## WORK REQUIRED
Up to and including the line that contains "have cT0 : 0", write out each line of the material from its first line, exactly.

## SOURCE RECORDS

□ □ □ □ □ □ □

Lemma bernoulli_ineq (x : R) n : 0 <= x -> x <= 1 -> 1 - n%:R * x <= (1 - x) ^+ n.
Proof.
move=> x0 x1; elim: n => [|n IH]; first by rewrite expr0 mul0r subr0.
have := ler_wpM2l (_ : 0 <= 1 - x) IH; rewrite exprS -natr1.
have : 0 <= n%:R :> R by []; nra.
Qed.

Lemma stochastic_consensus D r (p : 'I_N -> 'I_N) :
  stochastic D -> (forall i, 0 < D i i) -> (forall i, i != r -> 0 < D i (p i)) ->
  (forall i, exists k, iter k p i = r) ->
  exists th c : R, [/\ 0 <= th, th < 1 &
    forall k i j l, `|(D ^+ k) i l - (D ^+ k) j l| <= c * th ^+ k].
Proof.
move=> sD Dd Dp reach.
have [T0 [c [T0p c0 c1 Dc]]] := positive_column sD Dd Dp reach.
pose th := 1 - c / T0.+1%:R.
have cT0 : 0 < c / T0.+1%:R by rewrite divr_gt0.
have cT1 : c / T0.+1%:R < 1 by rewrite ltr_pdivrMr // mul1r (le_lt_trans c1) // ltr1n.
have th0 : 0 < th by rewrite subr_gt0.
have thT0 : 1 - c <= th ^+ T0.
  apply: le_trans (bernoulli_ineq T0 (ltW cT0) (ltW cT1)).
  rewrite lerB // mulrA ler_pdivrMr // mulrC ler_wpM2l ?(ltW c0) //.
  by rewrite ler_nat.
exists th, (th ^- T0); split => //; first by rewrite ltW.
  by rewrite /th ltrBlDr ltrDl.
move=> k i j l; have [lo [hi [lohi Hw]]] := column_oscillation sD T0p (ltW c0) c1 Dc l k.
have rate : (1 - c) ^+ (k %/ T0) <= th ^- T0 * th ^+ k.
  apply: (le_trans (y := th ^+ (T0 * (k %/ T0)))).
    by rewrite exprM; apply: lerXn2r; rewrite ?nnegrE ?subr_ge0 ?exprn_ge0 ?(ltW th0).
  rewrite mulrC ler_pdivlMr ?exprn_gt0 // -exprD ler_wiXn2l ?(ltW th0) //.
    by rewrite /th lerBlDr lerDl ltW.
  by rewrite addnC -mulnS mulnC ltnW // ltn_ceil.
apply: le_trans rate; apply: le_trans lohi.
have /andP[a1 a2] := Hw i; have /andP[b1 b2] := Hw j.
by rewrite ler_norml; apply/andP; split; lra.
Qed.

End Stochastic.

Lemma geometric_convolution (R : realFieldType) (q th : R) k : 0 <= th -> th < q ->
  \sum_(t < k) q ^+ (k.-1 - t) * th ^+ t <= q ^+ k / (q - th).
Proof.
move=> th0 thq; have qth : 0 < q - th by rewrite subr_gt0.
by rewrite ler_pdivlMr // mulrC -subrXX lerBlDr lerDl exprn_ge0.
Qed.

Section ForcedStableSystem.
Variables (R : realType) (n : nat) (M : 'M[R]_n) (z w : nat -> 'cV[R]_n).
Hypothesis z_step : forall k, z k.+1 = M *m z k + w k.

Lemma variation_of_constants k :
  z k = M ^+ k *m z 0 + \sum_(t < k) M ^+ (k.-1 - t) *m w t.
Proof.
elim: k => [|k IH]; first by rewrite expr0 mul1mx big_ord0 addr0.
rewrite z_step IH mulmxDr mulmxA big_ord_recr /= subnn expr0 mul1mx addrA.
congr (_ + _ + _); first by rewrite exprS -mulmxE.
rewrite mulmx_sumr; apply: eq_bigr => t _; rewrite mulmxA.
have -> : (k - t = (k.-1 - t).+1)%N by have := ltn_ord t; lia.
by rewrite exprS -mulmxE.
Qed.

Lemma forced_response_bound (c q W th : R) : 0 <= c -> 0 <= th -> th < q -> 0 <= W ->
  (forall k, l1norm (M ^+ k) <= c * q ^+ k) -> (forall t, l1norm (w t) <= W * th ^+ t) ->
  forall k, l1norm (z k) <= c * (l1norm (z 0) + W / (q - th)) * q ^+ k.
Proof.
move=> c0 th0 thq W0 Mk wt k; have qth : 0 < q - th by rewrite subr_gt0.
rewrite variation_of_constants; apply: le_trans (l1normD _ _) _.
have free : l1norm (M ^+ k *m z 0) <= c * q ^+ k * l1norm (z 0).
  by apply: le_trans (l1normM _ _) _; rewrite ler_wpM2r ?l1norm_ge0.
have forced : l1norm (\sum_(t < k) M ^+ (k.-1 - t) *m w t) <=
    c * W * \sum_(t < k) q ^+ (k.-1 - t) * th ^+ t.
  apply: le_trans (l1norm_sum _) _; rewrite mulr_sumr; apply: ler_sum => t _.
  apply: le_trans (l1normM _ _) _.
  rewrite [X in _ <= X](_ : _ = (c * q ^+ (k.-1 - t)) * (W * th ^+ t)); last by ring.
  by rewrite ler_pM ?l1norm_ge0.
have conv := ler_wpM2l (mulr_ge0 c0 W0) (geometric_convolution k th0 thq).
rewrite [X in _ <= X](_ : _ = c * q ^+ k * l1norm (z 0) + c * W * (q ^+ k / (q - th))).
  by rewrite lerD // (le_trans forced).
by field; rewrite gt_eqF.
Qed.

□ □ □ □ □ □ □

## WRITTEN SOLUTION
Lemma bernoulli_ineq (x : R) n : 0 <= x -> x <= 1 -> 1 - n%:R * x <= (1 - x) ^+ n.
Proof.
move=> x0 x1; elim: n => [|n IH]; first by rewrite expr0 mul0r subr0.
have := ler_wpM2l (_ : 0 <= 1 - x) IH; rewrite exprS -natr1.
have : 0 <= n%:R :> R by []; nra.
Qed.

Lemma stochastic_consensus D r (p : 'I_N -> 'I_N) :
  stochastic D -> (forall i, 0 < D i i) -> (forall i, i != r -> 0 < D i (p i)) ->
  (forall i, exists k, iter k p i = r) ->
  exists th c : R, [/\ 0 <= th, th < 1 &
    forall k i j l, `|(D ^+ k) i l - (D ^+ k) j l| <= c * th ^+ k].
Proof.
move=> sD Dd Dp reach.
have [T0 [c [T0p c0 c1 Dc]]] := positive_column sD Dd Dp reach.
pose th := 1 - c / T0.+1%:R.
have cT0 : 0 < c / T0.+1%:R by rewrite divr_gt0.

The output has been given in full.